We are our own best critics and we are also our own excuse makers. When we do something wrong we can call ourselves unwanted names. But we often make excuses for for our behaviour too—often blaming other people. The first and most important concept to get is that you are responsible for all your own behaviour. Not your stepmother, not your siblings, not your parents. There are plenty of people who have overcome tough situations at home to know this is true. I would like to get you to a place where you can take responsibility for your life and forgive those around you. First, I will look at our assumptions for other people.
Other People’s Problems!
When you encounter another person, try to keep in mind they are doing the best they can with what they believe to be true. Even the most screwed up person is doing their best. I know its hard to believe but its true. That doesn’t mean that they couldn’t be doing better by any means, but it does mean that they are using the tools they have learned at this stage in their lives. The only way for you to have an impact on them is for you to lead them on a good path—one that you have already taken. And it may take a while, so be patient! Modeling success leads to excellence. Remember you are responsible for you and can’t force someone else to make decisions.
Responsibility
Now that you are reading how to achieve success, you are on the right path and have all that’s needed to achieve the desired results. Your subconscious is extremely intelligent and if you keep inputting information from successful people on a daily basis it will be hard not to change. Turn off the negative Nancy’s and input positive thoughts and actions that lead to success. Don’t fall into the trap of believing something without some clear roadmap to success. For example, telling yourself you are smart is great if you back it up with action to improve your memory and processing speed of your brain.
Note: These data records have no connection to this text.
Lemma sum_view_prob A inp (h : viewT n Rnd B -> R) :
  \sum_(v <- views A) view_prob A inp v * h v =
  \sum_K \sum_rs weight rho K rs * h (view E act T A inp K rs).
Proof.
under eq_bigr => v _ do rewrite big_distrl /=.
rewrite exchange_big /=; apply: eq_bigr => K _.
under eq_bigr => v _ do rewrite big_distrl /=.
rewrite exchange_big /=; apply: eq_bigr => rs _.
rewrite (bigD1_seq (view E act T A inp K rs)) ?view_in_views ?undup_uniq //=.
rewrite eqxx mulr1 big1 ?addr0 // => v /negbTE neq_v.
by rewrite eq_sym neq_v mulr0 mul0r.
Qed.

Lemma view_prob_sum1 A inp : \sum_(v <- views A) view_prob A inp v = 1.
Proof.
rewrite -weight_sum1 -(eq_bigr _ (fun v _ => mulr1 (view_prob A inp v))).
by rewrite sum_view_prob; under eq_bigr do under eq_bigr do rewrite mulr1.
Qed.

Lemma view_prob_gt0 A inp v : 0 < view_prob A inp v ->
  exists K rs, (forall j, 0 < rho j (rs j)) /\ view E act T A inp K rs = v.
Proof.
move=> /lt0r_neq0/eqP/psumr_neq0P[K|K /andP[_]].
  by move=> _; rewrite sumr_ge0 // => rs _; rewrite mulr_ge0 ?weight_ge0.
move=> /lt0r_neq0/eqP/psumr_neq0P[rs _|rs /andP[_]]; first by rewrite mulr_ge0 ?weight_ge0.
have [<-|_] := eqVneq (view E act T A inp K rs) v; last by rewrite mulr0 ltxx.
by rewrite mulr1 => /rho_gt0_of_weight_gt0 rho_gt0; exists K, rs.
Qed.

Definition set_coin rs (k : 'I_n) (x : Rnd) : {ffun 'I_n -> Rnd} :=
  [ffun j => if j == k then x else rs j].

Lemma set_coinK rs1 rs2 k :
  set_coin (set_coin rs1 k (rs2 k)) k (set_coin rs2 k (rs1 k) k) = rs1.
Proof. by apply/ffunP => j; rewrite !ffunE eqxx; case: eqP => // ->. Qed.

Lemma weight_swap_coin K1 K2 rs1 rs2 k :
  weight rho K1 (set_coin rs1 k (rs2 k)) * weight rho K2 (set_coin rs2 k (rs1 k)) =
  weight rho K1 rs1 * weight rho K2 rs2.
Proof.
have split rs :
    \prod_(j < n) rho j (rs j) = rho k (rs k) * \prod_(j < n | j != k) rho j (rs j).
  exact: bigD1.
have others rs x : \prod_(j < n | j != k) rho j (set_coin rs k x j) =
                   \prod_(j < n | j != k) rho j (rs j).
  by apply: eq_bigr => j /negbTE jk; rewrite ffunE jk.
by rewrite /weight !split !ffunE !eqxx (others rs1) (others rs2); ring.
Qed.

Lemma pair_keyC K (j1 j2 : 'I_n) : pair_key K j1 j2 = pair_key K j2 j1.
Proof. by rewrite /pair_key; case: ltngtP => // /val_inj->. Qed.

Definition no_input : 'I_n -> option M := fun _ => None.

Section NonAdjacentPair.
Hypotheses (E_sym : symmetric E) (E_irr : irreflexive E).
Variables (i k : 'I_n).
Hypothesis neq_ik : i != k.
Local Notation A := (~: [set i; k]).

Definition pair_input (m : M) (j : 'I_n) : option M :=
  if (j == i) || (j == k) then Some m else None.

Lemma mem_pair_compl j : (j \in A) = (j != i) && (j != k).
Proof. by rewrite !inE negb_or. Qed.

Lemma card_pair_compl : #|A| = (n - 2)%N.
Proof. by have := cardsC [set i; k]; rewrite card_ord cards2 neq_ik; lia. Qed.

(* Every neighbour of k lies in A, so k's keys are all visible in A's keys. *)
Lemma key_vec_nonadj K1 K2 : ~~ E i k ->
  (forall a, a \in A -> key_vec E K1 a = key_vec E K2 a) ->
  key_vec E K1 k = key_vec E K2 k.
Proof.
move=> nEik eqA; apply/ffunP => j; rewrite !ffunE.
case Ekj: (E k j) => //.
have jA : j \in A.
  rewrite mem_pair_compl; apply/andP; split; apply: contraTneq Ekj => ->.
    by rewrite E_sym (negbTE nEik).
  by rewrite E_irr.
have := congr1 (fun f : {ffun 'I_n -> bool} => f k) (eqA j jA).
by rewrite !ffunE E_sym Ekj !(pair_keyC _ j).
Qed.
Saying to yourself that you are going to make a million dollars a year won’t do anything unless you back it up with action so you can actually make that much. You are responsible for the thoughts, words and actions you take towards yourself and others. If someone continually annoys you, change the way you think about them and they will not have the same impact on you. Realize how you feel about what someone does to you is on you—not on them. Only you can control your thoughts and actions.
I grew up in a dysfunctional family that did not model success. Complaining about it didn’t get me anywhere. Therapy sessions are great and may be needed for some people. But the most important thing you can do is model what successful people are doing. Learn to control your reactions of what other do to you so that you can be the respected person in the room.